Banks and other depository institutions (savings institutions, credit
unions, and foreign banking entities) are required to hold a portion of
their deposits as reserves. Depository institutions may hold reserves
either as vault cash or as deposits with Federal Reserve Banks.
Effective December 28, 2000, depository institutions were required to
hold a reserve requirement of 3 percent against their first $42.8 million
in net transaction accounts (demand and other checkable deposits) and
10 percent against their net transaction accounts above $42.8 million.
At present, there is no reserve requirement on time and savings deposits.
The table shows that aggregate required reserves of depository institutions
were $36.9 billion as of June 2001, according to the Federal Reserve Boards
H.3 Statistical Release.
Reserve Requirement Changes Affect the Money Stock
Purpose and Functions (1994) describes how a change in the reserve
requirement ratio affects bank credit and the money stock.

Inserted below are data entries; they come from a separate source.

(* s = t as elements of A_zx ⊗_{B_x} A_xy *)
Definition teqB (z x y : X) (s t : seq (lhom A z x * lhom A x y)) : Prop :=
  forall (U : lmodType k) (f : lhom A z x -> lhom A x y -> U), bilin f ->
    (forall b, coinv b -> forall a a', f (lcomp a b) a' = f a (lcomp b a')) ->
    \sum_(p <- s) f p.1 p.2 = \sum_(p <- t) f p.1 p.2.

(* canonical map can^z_{xy} : A_zx ⊗_{B_x} A_xy -> A_zy ⊗ H_xy on representatives *)
Definition can (z x y : X) (s : seq (lhom A z x * lhom A x y))
  : seq (lhom A z y * lhom H x y) :=
  [seq (lcomp p.1 q.1, q.2) | p <- s, q <- @rho x y p.2].

Definition can_bijective (z x y : X) : Prop :=
  (forall s s' : seq (lhom A z x * lhom A x y), teq (can s) (can s') -> teqB s s') /\
  (forall u : seq (lhom A z y * lhom H x y), exists s : seq (lhom A z x * lhom A x y),
      teq (can s) u).

Definition can_has_left_inverse (z x y : X) : Prop :=
  exists g : seq (lhom A z y * lhom H x y) -> seq (lhom A z x * lhom A x y),
    (forall u u', teq u u' -> teqB (g u) (g u')) /\
    (forall (c : k) u u', teqB (g (tscale c u ++ u')) (tscale c (g u) ++ g u')) /\
    (forall s : seq (lhom A z x * lhom A x y), teqB (g (can s)) s).

Definition gamma_cond (x y : X) : Prop :=
  exists gamma : lhom H x y -> seq (lhom A y x * lhom A x y),
    (forall (c : k) h h', teqB (gamma (c *: h + h')) (tscale c (gamma h) ++ gamma h')) /\
    (forall h, teq [seq (lcomp p.1 q.1, q.2) | p <- gamma h, q <- @rho x y p.2]
                   [:: (lid A y, h)]) /\
    (forall a, teqB [seq (lcomp p.1 q.1, q.2) | p <- @rho x y a, q <- gamma p.2]
                    [:: (lid A x, a)]).

End Galois.
End Defs.

(* The map [gamma_ext gamma], sending [a ⊗ h] to [a l_i(h) ⊗_B r_i(h)], is a
   two-sided inverse of [can^z_{xy}] for every [z]: the first identity of (3)
   gives [can ∘ gamma_ext = id], the second one [gamma_ext ∘ can = id].
   Conversely, a bijective [can^y_{xy}] yields [gamma h := can^{-1}(1_y ⊗ h)],
   and the second identity of (3) is obtained by cancelling the left inverse of
   [can^x_{xy}] against [can (gamma_ext gamma (rho a)) = rho a = can (1_x ⊗ a)]. *)
From HB Require Import structures.
From mathcomp Require Import all_boot all_order all_algebra.
From Stdlib Require Import ClassicalEpsilon.
Set Implicit Arguments. Unset Strict Implicit. Unset Printing Implicit Defensive.
Import GRing.Theory.
Local Open Scope ring_scope.

Section Bilinear.
Variable k : comPzRingType.
Variables U V W : lmodType k.
Implicit Types f : U -> V -> W.

Lemma bilin0l f : bilin f -> forall v, f 0 v = 0.
Proof.
move=> [fl _] v; have := fl 1 0 0 v; rewrite !scale1r addr0.
by move/(congr1 (fun t => t - f 0 v)); rewrite subrr addrK.
Qed.

Lemma bilin0r f : bilin f -> forall u, f u 0 = 0.
Proof.
move=> [_ fr] u; have := fr 1 u 0 0; rewrite !scale1r addr0.
by move/(congr1 (fun t => t - f u 0)); rewrite subrr addrK.
Qed.

Lemma bilinZl f : bilin f -> forall c u v, f (c *: u) v = c *: f u v.
Proof. by move=> fb c u v; have := fb.1 c u 0 v; rewrite addr0 bilin0l ?addr0. Qed.

Lemma bilinZr f : bilin f -> forall c u v, f u (c *: v) = c *: f u v.
Proof. by move=> fb c u v; have := fb.2 c u v 0; rewrite addr0 bilin0r ?addr0. Qed.

Lemma bilinDr f : bilin f -> forall u v v', f u (v + v') = f u v + f u v'.
Proof. by move=> fb u v v'; have := fb.2 1 u v v'; rewrite !scale1r. Qed.

Lemma sum_tscale f c (s : seq (U * V)) : bilin f ->
  \sum_(p <- tscale c s) f p.1 p.2 = c *: \sum_(p <- s) f p.1 p.2.
Proof.
by move=> fb; rewrite big_map scaler_sumr; apply: eq_bigr => p _; rewrite bilinZl.
Qed.

End Bilinear.

Section TensorEquality.
Variable k : comPzRingType.
Variables U V : lmodType k.

Lemma teq_trans (s t u : seq (U * V)) : teq s t -> teq t u -> teq s u.
Proof. by move=> st tu Z f fb; rewrite (st Z f fb) (tu Z f fb). Qed.

Lemma teq_sym (s t : seq (U * V)) : teq s t -> teq t s.
Proof. by move=> st Z f fb; rewrite (st Z f fb). Qed.

Lemma teq_congr_tscale_cat c (s s' t t' : seq (U * V)) :
  teq s t -> teq s' t' -> teq (tscale c s ++ s') (tscale c t ++ t').
Proof.
move=> st st' Z f fb.
by rewrite !big_cat !(sum_tscale _ _ fb) (st Z f fb) (st' Z f fb).
Qed.

Lemma teq_scale_addr (a : U) c (v v' : V) :
  teq [:: (a, c *: v + v')] (tscale c [:: (a, v)] ++ [:: (a, v')]).
Proof. by move=> Z f fb; rewrite big_cat sum_tscale // !big_seq1 bilinDr ?bilinZr. Qed.

End TensorEquality.

Section CanonicalMap.
Variables (k : comPzRingType) (X : Type) (H A : lincat k X).
Variable rho : forall x y, lhom A x y -> seq (lhom A x y * lhom H x y).
Hypothesis A_lincat : is_lincat A.

Lemma lcomp_bilin x y z : bilin (@lcomp k X A x y z).
Proof. exact: A_lincat.1. Qed.

Lemma lcompA x y z w (a : lhom A x y) (b : lhom A y z) (c : lhom A z w) :
  lcomp (lcomp a b) c = lcomp a (lcomp b c).
Proof. exact: A_lincat.2.1. Qed.

Lemma lcomp1a x y (a : lhom A x y) : lcomp (lid A x) a = a.
Proof. exact: A_lincat.2.2.1. Qed.

Lemma lcompa1 x y (a : lhom A x y) : lcomp a (lid A y) = a.
Proof. exact: A_lincat.2.2.2. Qed.

Definition balanced (U : lmodType k) z x y (f : lhom A z x -> lhom A x y -> U) :=
  forall b, coinv rho b -> forall a a', f (lcomp a b) a' = f a (lcomp b a').

Lemma teqB_sym z x y (s t : seq (lhom A z x * lhom A x y)) :
  teqB rho s t -> teqB rho t s.
Proof. by move=> st U f fb fbal; rewrite (st U f fb fbal). Qed.

Lemma teqB_trans z x y (s t u : seq (lhom A z x * lhom A x y)) :
  teqB rho s t -> teqB rho t u -> teqB rho s u.
Proof. by move=> st tu U f fb fbal; rewrite (st U f fb fbal) (tu U f fb fbal). Qed.

Section Precomposition.
Variables (U : lmodType k) (w x y z : X) (a : lhom A w x).

Lemma bilin_lcompl (V : lmodType k) (f : lhom A w y -> V -> U) :
  bilin f -> bilin (fun (l : lhom A x y) r => f (lcomp a l) r).
Proof.
move=> fb; split=> c u u' v /=; last exact: fb.2.
by rewrite (lcomp_bilin _ _ _).2 fb.1.
Qed.

Lemma balanced_lcompl (f : lhom A w y -> lhom A y z -> U) :
  balanced f -> balanced (fun (l : lhom A x y) r => f (lcomp a l) r).
Proof. by move=> fbal b cb l r; rewrite -lcompA fbal. Qed.

End Precomposition.

Lemma sum_can (U : lmodType k) z x y (f : lhom A z y -> lhom H x y -> U) s :
  \sum_(t <- can rho s) f t.1 t.2 =
  \sum_(p <- s) \sum_(q <- rho p.2) f (lcomp p.1 q.1) q.2.
Proof. by rewrite /can big_allpairs_dep. Qed.

Lemma can_tscale_cat z x y c (s s' : seq (lhom A z x * lhom A x y)) :
  teq (can rho (tscale c s ++ s')) (tscale c (can rho s) ++ can rho s').
Proof.
move=> U f fb; rewrite big_cat sum_tscale // !sum_can big_cat big_map.
congr (_ + _); rewrite scaler_sumr; apply: eq_bigr => p _ /=.
rewrite scaler_sumr; apply: eq_bigr => q _.
by rewrite (bilinZl (lcomp_bilin _ _ _)) bilinZl.
Qed.

Lemma can_lid_teq x y (a : lhom A x y) : teq (can rho [:: (lid A x, a)]) (rho a).
Proof. by move=> U f fb; rewrite sum_can big_seq1; apply: eq_bigr => q _; rewrite lcomp1a. Qed.

Section InverseOfCan.
Variables (x y : X) (gamma : lhom H x y -> seq (lhom A y x * lhom A x y)).

Definition gamma_ext z (u : seq (lhom A z y * lhom H x y))
  : seq (lhom A z x * lhom A x y) :=
  [seq (lcomp p.1 q.1, q.2) | p <- u, q <- gamma p.2].

Lemma sum_gamma_ext (U : lmodType k) z (f : lhom A z x -> lhom A x y -> U) u :
  \sum_(t <- gamma_ext u) f t.1 t.2 =
  \sum_(p <- u) \sum_(q <- gamma p.2) f (lcomp p.1 q.1) q.2.
Proof. by rewrite /gamma_ext big_allpairs_dep. Qed.

Lemma teqB_gamma_ext z (u u' : seq (lhom A z y * lhom H x y)) :
  (forall c h h', teqB rho (gamma (c *: h + h')) (tscale c (gamma h) ++ gamma h')) ->
  teq u u' -> teqB rho (gamma_ext u) (gamma_ext u').
Proof.
move=> gamma_linear uu' U f fb fbal; rewrite !sum_gamma_ext.
apply: (uu' U (fun a h => \sum_(q <- gamma h) f (lcomp a q.1) q.2)); split.
- move=> c a a' h; rewrite scaler_sumr -big_split /=; apply: eq_bigr => q _.
  by rewrite (lcomp_bilin _ _ _).1 fb.1.
- move=> c a h h'; have fa_bilin := bilin_lcompl a fb.
  rewrite (gamma_linear c h h' U _ fa_bilin (balanced_lcompl a fbal)).
  by rewrite big_cat (sum_tscale _ _ fa_bilin).
Qed.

Reserve requirements are the percentage of deposits that depository institutions
must hold in reserve and not lend out. For example, with a 10 percent
reserve requirement on net transaction accounts, a bank that experiences
a net increase of $200 million in these deposits would be required to
increase its required reserves by $20 million. The bank would be able
to lend the remaining $180 million of deposits, resulting in an increase
in bank credit. As those funds are lent, they create additional deposits
in the banking system. The increase in deposits affects the money stock,
because it is measured in several ways that primarily include various
categories of deposits and currency in the hands of the public.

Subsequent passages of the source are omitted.